You're probably saying to yourself, "Who the hell is Jeff Martin?" Well, there's a good chance the man, a highly successful television comedy writer, has made you laugh on more than one occasion. After all, this is a former Houstonian (and former AstroWorld employee) who started out writing for that temple of subversive, relentlessly hilarious comedy, Late Night with David Letterman. After he left that show, he immediately jumped over to The Simpsons, penning some of the show's most memorable episodes. (Remember when Marge stars in a theater production of A Streetcar Named Desire? That was his.) And we're not pointing him out now in hopes that he'll read this and send the entire staff of the Houston Press copies of the Simpsons' second season, just released on DVD. We're just glad to say he's one of us. We wouldn't be so shallow as to ask for such a thing, over here at the Houston Press, 1621 Milam, Suite 100, Houston, Texas 77002.
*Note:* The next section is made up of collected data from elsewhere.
(* Consider the inner product on the parabola $y=x^2$ $$\langle f,g\rangle=\int_{\mathbb R}f(x,x^2)\,g(x,x^2)\,e^{-x^2}\,dx .$$ For $n\ge1$, the polynomials $$Y_{n,1}(x,y)=L_n^{-\frac12}(y),\qquad Y_{n,2}(x,y)=x\,L_{n-1}^{\frac12}(y)$$ form an orthogonal basis of $\mathcal H_n$, where $L_n^{\alpha}$ are the Laguerre polynomials. Moreover, both $u=Y_{n,1}$ and $u=Y_{n,2}$ satisfy $$x\,\partial_x\partial_y u+y\,\partial_y^2u+\big(\tfrac12-y\big)\partial_yu-x\,\partial_xu=-n\,u .$$
   Context: $L_n^{\alpha}$ denotes the Laguerre polynomial of degree $n$, orthogonal with respect to $t^{\alpha}e^{-t}$ on $[0,\infty)$. $\mathcal H_n$ denotes the space of polynomials $P$ of degree $n$ in two variables with $\langle P,Q\rangle=0$ for all polynomials $Q$ of degree $<n$ and $\langle P,P\rangle>0$, considered modulo the ideal $\langle y-x^2\rangle$; it has dimension 2 for $n\ge 1$. *)

From Stdlib Require Import Reals Arith Factorial.
Open Scope R_scope.

Fixpoint falling (r : R) (m : nat) : R :=
  match m with
  | O => 1
  | S m' => falling r m' * (r - INR m')
  end.

Definition gbinom (r : R) (m : nat) : R := falling r m / INR (fact m).

(* Laguerre polynomial L_n^a(t) = sum_{k=0}^n (-1)^k binom(n+a, n-k) t^k / k! ,
   orthogonal w.r.t. t^a e^{-t} on [0,oo) (a > -1). *)
Definition laguerre (n : nat) (a : R) (t : R) : R :=
  sum_f_R0 (fun k => (-1) ^ k * gbinom (INR n + a) (n - k) * t ^ k / INR (fact k)) n.

Definition poly2_le (n : nat) (f : R -> R -> R) : Prop :=
  exists c : nat -> nat -> R, forall x y : R,
    f x y = sum_f_R0 (fun i => sum_f_R0 (fun j =>
              if Nat.leb (i + j) n then c i j * x ^ i * y ^ j else 0) n) n.

Definition poly2 (f : R -> R -> R) : Prop := exists d : nat, poly2_le d f.

Definition poly2_deg (n : nat) (f : R -> R -> R) : Prop :=
  poly2_le n f /\ ~ poly2_le (n - 1) f.

Definition integral_R (h : R -> R) (l : R) : Prop :=
  forall eps : R, eps > 0 -> exists M : R, forall a b : R, a <= - M -> M <= b ->
    exists pr : Riemann_integrable h a b, Rabs (RiemannInt pr - l) < eps.

Definition ip (f g : R -> R -> R) (l : R) : Prop :=
  integral_R (fun x => f x (x ^ 2) * g x (x ^ 2) * exp (- x ^ 2)) l.

(* Membership in H_n as defined in the paper (a representative polynomial). *)
Definition in_Hn (n : nat) (P : R -> R -> R) : Prop :=
  poly2_deg n P /\
  (forall Q, poly2_le (n - 1) Q -> ip P Q 0) /\
  (exists l, ip P P l /\ l > 0).

Definition cong_par (P Q : R -> R -> R) : Prop :=
  exists S, poly2 S /\ forall x y, P x y - Q x y = (y - x ^ 2) * S x y.

(* On the parabola a polynomial P(x, y) is seen only through p(x) = P(x, x^2), and
   <P, Q> becomes the Gaussian integral of p q.  Here Y1(x, x^2) = L_n^(-1/2)(x^2) is even
   and Y2(x, x^2) = x L_(n-1)^(1/2)(x^2) is odd; substituting t = x^2 turns the Gaussian
   moments into the Laguerre weights t^(-1/2) e^(-t) and t^(1/2) e^(-t), so orthogonality
   to every polynomial of degree < n is the Laguerre orthogonality, proved on coefficients
   as the vanishing of an n-th finite difference of a polynomial of degree < n.  The norms
   are positive because a continuous function nonzero at a point stays so nearby.  An element P of H_n restricts to a polynomial of
   degree <= 2n; removing suitable multiples of Y1 and Y2 leaves a polynomial of degree
   < 2n, which lifts to some Q of degree < n and is therefore orthogonal to itself: it
   vanishes on the parabola, so P - a Y1 - b Y2 is divisible by y - x^2.  The PDE is the
   Laguerre equation t L'' + (a + 1 - t) L' + n L = 0. *)

From Stdlib Require Import Reals Lra Lia Factorial Classical.
From Coquelicot Require Import Coquelicot.
Open Scope R_scope.

(** * Improper integrals over the real line *)

Definition is_lim_ends (F : R -> R -> R) (l : R) : Prop :=
  forall eps, eps > 0 ->
    exists M, forall a b, a <= - M -> M <= b -> Rabs (F a b - l) < eps.

Lemma is_lim_ends_ext F G l :
  (forall a b, F a b = G a b) -> is_lim_ends F l -> is_lim_ends G l.
Proof.
  intros E H eps He; destruct (H eps He) as [M HM].
  exists M; intros a b Ha Hb; rewrite <- E; auto.
Qed.
(* For the least-squares approximate policy iteration sequence described in the context, for every $k\ge1$, $$\|J_k-J^{\mu_k}\|_\infty\le \alpha^{m+H-1}\delta_{FV}\,\|J_{k-1}-J^{\mu_{k-1}}\|_\infty+\frac{\alpha^m+\alpha^{m+H-1}}{1-\alpha}\delta_{FV}+\delta_{app}+\delta_{FV}\epsilon_{PE}.$$ Consequently, writing $\beta:=\alpha^{m+H-1}\delta_{FV}$ and $\tau:=\frac{\alpha^m+\alpha^{m+H-1}}{1-\alpha}\delta_{FV}+\delta_{app}+\delta_{FV}\epsilon_{PE}$, if $\beta<1$ then $\|J_k-J^{\mu_k}\|_\infty\le\beta^k\|J_0-J^{\mu_0}\|_\infty+\frac{\tau}{1-\beta}$ for all $k\ge0$.
   Context: Consider a Markov decision process with finite state space $S$, finite action space $A$, transition probabilities $P_{ij}(a)$, rewards $r(s,a)\in[0,1]$, and discount factor $\alpha\in(0,1)$. A (deterministic stationary) policy is a map $\mu:S\to A$; its value is $J^\mu(s)=E[\sum_{t\ge0}\alpha^t r(s_t,\mu(s_t))\mid s_0=s]$, and $J^*(s)=\max_\mu J^\mu(s)$. For a policy $\mu$, $(T_\mu J)(s)=r(s,\mu(s))+\alpha\sum_j P_{sj}(\mu(s))J(j)$; the Bellman operator is $(TJ)(s)=\max_{a\in A}\{r(s,a)+\alpha\sum_j P_{sj}(a)J(j)\}$; powers denote repeated application. $\|\cdot\|_\infty$ denotes the max norm and the induced matrix norm. Least-squares approximate policy iteration: fix integers $m\ge1$, $H\ge1$, constants $\epsilon_{LA},\epsilon_{PE}\ge0$, a feature matrix $\Phi\in\mathbb{R}^{|S|\times d}$ whose row $i$ is $\phi(i)^\top$, and subsets $D_k\subseteq S$ ($k\ge0$) such that $\{\phi(i)\}_{i\in D_k}$ has rank $d$. Let $\Phi_{D_k}$ be the submatrix of $\Phi$ with rows indexed by $D_k$, $P_k\in\{0,1\}^{|D_k|\times|S|}$ the matrix selecting the coordinates in $D_k$, and $\mathcal{M}_{k+1}:=\Phi(\Phi_{D_k}^\top\Phi_{D_k})^{-1}\Phi_{D_k}^\top P_k$ for $k\ge0$. Start with arbitrary $J_0\in\mathbb{R}^{|S|}$ and an arbitrary policy $\mu_0$. For each $k\ge0$: $\mu_{k+1}$ is any policy with $\|T^HJ_k-T_{\mu_{k+1}}T^{H-1}J_k\|_\infty\le\epsilon_{LA}$; $w_{k+1}\in\mathbb{R}^{|S|}$ is a noise vector with $w_{k+1}(i)=0$ for $i\notin D_k$ and $\|w_{k+1}\|_\infty\le\epsilon_{PE}$; and $J_{k+1}=\mathcal{M}_{k+1}(T^m_{\mu_{k+1}}T^{H-1}J_k+w_{k+1})$. Define $\delta_{FV}:=\sup_{k\ge1}\|\mathcal{M}_k\|_\infty$ (assumed finite) and $\delta_{app}:=\sup_{k\ge1}\sup_{\mu}\|\mathcal{M}_kJ^\mu-J^\mu\|_\infty$, the inner supremum over all policies. *)

From HB Require Import structures.
From mathcomp Require Import all_boot all_order all_algebra.
From mathcomp Require Import all_classical all_reals all_analysis.
Set Implicit Arguments. Unset Strict Implicit. Unset Printing Implicit Defensive.
Import Order.TTheory GRing.Theory Num.Theory.
Local Open Scope ring_scope.
(* Induction on the [i0]-coordinate of [q]: the star pivot [lower i0 q] is in
   [K_t^-], or in [L_t] with its other upper neighbours of smaller [i0]-coordinate. *)
Lemma w_Lt1 k q : Lt t.+1 q -> (q i0 < k)%N -> forall a, Et t a q -> w a q = 0.
Proof.
elim: k q => [// | k IHk] q q1 qk a aq.
have /andP [q0 _] := inD_coord i0 (Lt_inD q1); set p := lower i0 q.
have pq : Et t p q := Et_lower i0 q1.
suff wp : w p q = 0.
  have := w_star_ratio q1 aq pq; rewrite wp mul0r => /eqP; rewrite mulf_eq0 => /orP [/eqP // |].
  by rewrite gt_eqF // gamma_pos // edge_lower // (Lt_inD q1).
case/orP: (Et_src pq) => [p0 | pm]; last exact: w_Km pq pm.
have := w_row_sum p0 q1 pq; rewrite (bigD1 q) //= big1 ?addr0 // => b /andP [pb bq].
case/orP: (Et_dst pb) => [b1 | b1]; last exact: w_Kp pb b1.
have := adj_lower_level q0 (edge_adj (Et_edge pb)); rewrite (Lt_ssum b1) (Lt_ssum q1).
case=> // [bq' | [bi _]]; first by rewrite bq' eqxx in bq.
by apply: IHk b1 _ _ pb; lia.
Qed.

Lemma w_Et a b : Et t a b -> w a b = 0.
Proof.
move=> ab; case/orP: (Et_dst ab) => [b1 | b1]; last exact: w_Kp ab b1.
exact: w_Lt1 (ltnSn _) _ ab.
Qed.

End Orthogonality.

Theorem theorem4p2 (R : realFieldType) (d n : nat) (hd : (2 <= d)%N) (hn : (1 <= n)%N)
  (gamma : node d n -> node d n -> R)
  (gamma_sym : forall p q, gamma p q = gamma q p)
  (gamma_pos : forall p q, edge p q -> 0 < gamma p q)
  (t : nat) (ht1 : (d - 1 <= t)%N) (ht2 : (t <= d * n - 1)%N)
  (w : node d n -> node d n -> R) :
  (forall u, inU gamma t u ->
     forall p, Lt t p || Lt t.+1 p || Jt t p ->
       dotEt t w (fun a b => Jvec u p a b) = 0) ->
  forall a b, Et t a b -> w a b = 0.
Proof.
move=> w_perp a b; exact: w_Et hd gamma_pos w_perp a b.
Qed.
(* Let $G_n$ be the $n\times n$ honeycomb lattice embedded in a torus, and consider the set $\Omega$ of configurations of the 1-2 model on $G_n$, i.e. edge subsets $X$ such that every vertex is incident to exactly one or exactly two edges of $X$. Then any two elements of $\Omega$ can be connected by a finite sequence of elements of $\Omega$ in which consecutive elements differ by adding or deleting a single edge. Consequently the Markov chain on $\Omega$ that moves from $X$ to each such neighbour with positive probability (and stays put otherwise), as used for Glauber dynamics of the 1-2 model with signature $(0,c,b,a,a,b,c,0)$, $a,b,c>0$, is irreducible.
   Context: The 1-2 model is the vertex model on the honeycomb lattice whose signature at every vertex is $(0,c,b,a,a,b,c,0)$, indexed by the local configurations $000,001,\dots,111$ of the incident $(a,b,c)$-edges, with $a,b,c>0$; so the allowed configurations are exactly those with one or two edges present at each vertex. *)

From HB Require Import structures.
From mathcomp Require Import all_boot all_order all_algebra.
Set Implicit Arguments. Unset Strict Implicit. Unset Printing Implicit Defensive.
Import Order.TTheory GRing.Theory Num.Theory.

(* Vertices: (i, j, true) = black vertex at (i,j), (i, j, false) = white vertex,
   i, j taken mod n.
   Edges: (i, j, t) with t : 'I_3; edge (i,j,t) joins the black vertex (i,j) to
   the white vertex (i,j) if t = 0 (a-edge), (i-1,j) if t = 1 (b-edge),
   (i,j-1) if t = 2 (c-edge), indices mod n.  Edges are indexed explicitly,
   so for tiny n parallel edges are kept distinct (multigraph). *)
Definition hvert (n : nat) : finType := ('I_n * 'I_n * bool)%type.
Definition hedge (n : nat) : finType := ('I_n * 'I_n * 'I_3)%type.

Definition white_end (n : nat) (e : hedge n) : nat * nat :=
  let: (i, j, t) := e in
  if nat_of_ord t == 0%N then (nat_of_ord i, nat_of_ord j)
  else if nat_of_ord t == 1%N then (((i + n).-1 %% n)%N, nat_of_ord j)
  else (nat_of_ord i, ((j + n).-1 %% n)%N).

Definition incident (n : nat) (v : hvert n) (e : hedge n) : bool :=
  let: (vi, vj, black) := v in
  let: (i, j, t) := e in
  if black then (vi == i) && (vj == j)
  else (nat_of_ord vi, nat_of_ord vj) == white_end e.

Definition degX (n : nat) (X : {set hedge n}) (v : hvert n) : nat :=
  #|[set e in X | incident v e]|.

Definition one_two_config (n : nat) (X : {set hedge n}) : bool :=
  [forall v : hvert n, (degX X v == 1%N) || (degX X v == 2%N)].
(* Let $A$ be a commutative semiring and $a,b\in A$. Let $R(a,b)=\{(ax+by+z,\ bx+ay+z):x,y,z\in A\}$. Then $R(a,b)_+$ is a congruence on $A$, and $R(a,b)\subseteq\rho\subseteq R(a,b)_+\subseteq\rho_+$, where $\rho=\{(a,b)\}^{c}$.
   Context: Semirings are commutative with $0$ and $1\neq0$, $0a=0$; congruences are equivalence relations compatible with $+,\cdot$. For a relation $R$, $R_+=\{(u,v)\in A\times A:(u+c,v+c)\in R$ for some $c\in A\}$; $\{(a,b)\}^{c}$ is the congruence generated by the pair $(a,b)$. *)

From HB Require Import structures.
From mathcomp Require Import all_boot all_algebra.
Set Implicit Arguments. Unset Strict Implicit. Unset Printing Implicit Defensive.
Import GRing.Theory.
Local Open Scope ring_scope.

(* Commutative semiring with 0, 1 <> 0, 0a = 0: MathComp's comNzSemiRingType. *)

Definition rel_sub (A : Type) (R S : A -> A -> Prop) : Prop :=
  forall u v, R u v -> S u v.

Definition is_congruence (A : comNzSemiRingType) (r : A -> A -> Prop) : Prop :=
  [/\ (forall x, r x x),
      (forall x y, r x y -> r y x),
      (forall x y z, r x y -> r y z -> r x z),
      (forall x y x' y', r x y -> r x' y' -> r (x + x') (y + y')) &
      (forall x y x' y', r x y -> r x' y' -> r (x * x') (y * y'))].

Definition rel_plus (A : comNzSemiRingType) (R : A -> A -> Prop) : A -> A -> Prop :=
  fun u v => exists c, R (u + c) (v + c).

Definition gen_congr (A : comNzSemiRingType) (a b : A) : A -> A -> Prop :=
  fun u v => forall r, is_congruence r -> r a b -> r u v.

Definition Rab (A : comNzSemiRingType) (a b : A) : A -> A -> Prop :=
  fun u v => exists x y z, u = a * x + b * y + z /\ v = b * x + a * y + z.

From mathcomp Require Import all_boot all_algebra.
Set Implicit Arguments. Unset Strict Implicit. Unset Printing Implicit Defensive.
Local Open Scope ring_scope.
Import GRing.Theory.

(* R(a,b) contains (a,b) and is reflexive, symmetric, additive and stable under
   scaling; for any such relation R, adding a common summand to both sides of a
   chain u + c R v + c, v + d R w + d gives u + (c + v + d) R w + (c + v + d),
   so R_+ is a congruence.  Conversely every congruence containing (a,b)
   contains R(a,b), which yields the chain of inclusions. *)

Lemma addr3ACA (A : comNzSemiRingType) (p1 p2 p3 q1 q2 q3 : A) :
  (p1 + p2 + p3) + (q1 + q2 + q3) = (p1 + q1) + (p2 + q2) + (p3 + q3).
Proof. by rewrite addrACA [p1 + p2 + _]addrACA. Qed.

Lemma rel_plus_sub (A : comNzSemiRingType) (R S : A -> A -> Prop) :
  rel_sub R S -> rel_sub (rel_plus R) (rel_plus S).
Proof. by move=> RS u v [c Ruv]; exists c; apply: RS. Qed.

Lemma gen_congr_min (A : comNzSemiRingType) (a b : A) (r : A -> A -> Prop) :
  is_congruence r -> r a b -> rel_sub (gen_congr a b) r.
Proof. by move=> r_congr rab u v; apply. Qed.

Section RelPlusCongruence.

Variables (A : comNzSemiRingType) (R : A -> A -> Prop).
Hypothesis R_refl : forall x, R x x.
Hypothesis R_sym : forall x y, R x y -> R y x.
Hypothesis R_add : forall x y x' y', R x y -> R x' y' -> R (x + x') (y + y').
Hypothesis R_mulr : forall x y t, R x y -> R (x * t) (y * t).

Lemma rel_plus_trans u v w :
  rel_plus R u v -> rel_plus R v w -> rel_plus R u w.
Proof.
move=> [c Ruv] [d Rvw]; exists (c + v + d).
have := R_add Ruv Rvw.
have -> : u + c + (v + d) = u + (c + v + d) by rewrite !addrA.
by have -> : v + c + (w + d) = w + (c + v + d) by rewrite addrCA (addrC v c) -!addrA.
Qed.

Lemma rel_plus_mulr u v t : rel_plus R u v -> rel_plus R (u * t) (v * t).
Proof. by move=> [c Ruv]; exists (c * t); rewrite -!mulrDl; apply: R_mulr. Qed.

Lemma rel_plus_congruence : is_congruence (rel_plus R).
Proof.
split.
- by move=> x; exists 0.
- by move=> x y [c Rxy]; exists c; apply: R_sym.
- exact: rel_plus_trans.
- move=> x y x' y' [c Rxy] [c' Rxy']; exists (c + c').
  by rewrite [x + _ + _]addrACA [y + _ + _]addrACA; apply: R_add.
- move=> x y x' y' Rxy Rxy'; apply: (@rel_plus_trans _ (y * x')).
    exact: rel_plus_mulr.
  by rewrite ![y * _]mulrC; apply: rel_plus_mulr.
Qed.

End RelPlusCongruence.

Section Rab.

Variables (A : comNzSemiRingType) (a b : A).

Lemma Rab_refl u : Rab a b u u.
Proof. by exists 0, 0, u; rewrite !mulr0 !add0r. Qed.

Lemma Rab_sym u v : Rab a b u v -> Rab a b v u.
Proof. by move=> [x [y [z [-> ->]]]]; exists y, x, z; rewrite ![_ * y + _]addrC. Qed.

Lemma RabD u v u' v' : Rab a b u v -> Rab a b u' v' -> Rab a b (u + u') (v + v').
Proof.
move=> [x [y [z [-> ->]]]] [x' [y' [z' [-> ->]]]].
by exists (x + x'), (y + y'), (z + z'); rewrite !addr3ACA -!mulrDr.
Qed.

Lemma RabMr u v t : Rab a b u v -> Rab a b (u * t) (v * t).
Proof.
move=> [x [y [z [-> ->]]]].
by exists (x * t), (y * t), (z * t); rewrite !mulrDl !mulrA.
Qed.

Lemma Rab_pair : Rab a b a b.
Proof. by exists 1, 0, 0; rewrite !mulr1 !mulr0 !addr0. Qed.

Lemma Rab_sub_congruence (r : A -> A -> Prop) :
  is_congruence r -> r a b -> rel_sub (Rab a b) r.
Proof.
move=> [r_refl r_sym _ r_add r_mul] rab u v [x [y [z [-> ->]]]].
by apply: (r_add) => //; apply: (r_add); apply: (r_mul) => //; apply: r_sym.
Qed.

End Rab.

Theorem proposition2p21 (A : comNzSemiRingType) (a b : A) :
  is_congruence (rel_plus (Rab a b)) /\
  rel_sub (Rab a b) (gen_congr a b) /\
  rel_sub (gen_congr a b) (rel_plus (Rab a b)) /\
  rel_sub (rel_plus (Rab a b)) (rel_plus (gen_congr a b)).
Proof.
have Rp_congr : is_congruence (rel_plus (Rab a b)).
  exact: rel_plus_congruence (@Rab_refl _ a b) (@Rab_sym _ a b)
                             (@RabD _ a b) (@RabMr _ a b).
have R_sub_gen : rel_sub (Rab a b) (gen_congr a b).
  by move=> u v Ruv r r_congr rab; apply: Rab_sub_congruence Ruv.
split=> //; split=> //; split; last exact: rel_plus_sub.
apply: gen_congr_min Rp_congr _.
by exists 0; rewrite !addr0; apply: Rab_pair.
Qed.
4739 Buck RoadTucked at the end of Buck Road in the Fifth Ward is the oddest but coolest shotgun house in Texas. World-renowned Houston artist Bert Long, known to many for his massive public ice sculptures, lives there with his partner Joan Batson, a painter from Scotland. The house, rehabbed as part of a thesis project by Rice University architecture student Brett Zamore, was built in the 1920s. The 950-square-foot space is actually two shotgun houses merged into one. The wooden wall that once separated them is still there, and so are the sliding bathroom doors. And the corrugated tin roof is a close match to the original. The space is small, but Long and Batson have done their best to utilize every nook. Ivy covers exposed beams, and the art inside is rotated so often the place is almost a miniature museum. In the large backyard is a well-tended garden where Long grows watermelons, tomatoes and five kinds of eggplant, which he regularly gives away to students at the local elementary school and to neighbors on his street. Long, who grew up in the Fifth Ward, says the house is a way of connecting him to his past. And it sure is cozy, too.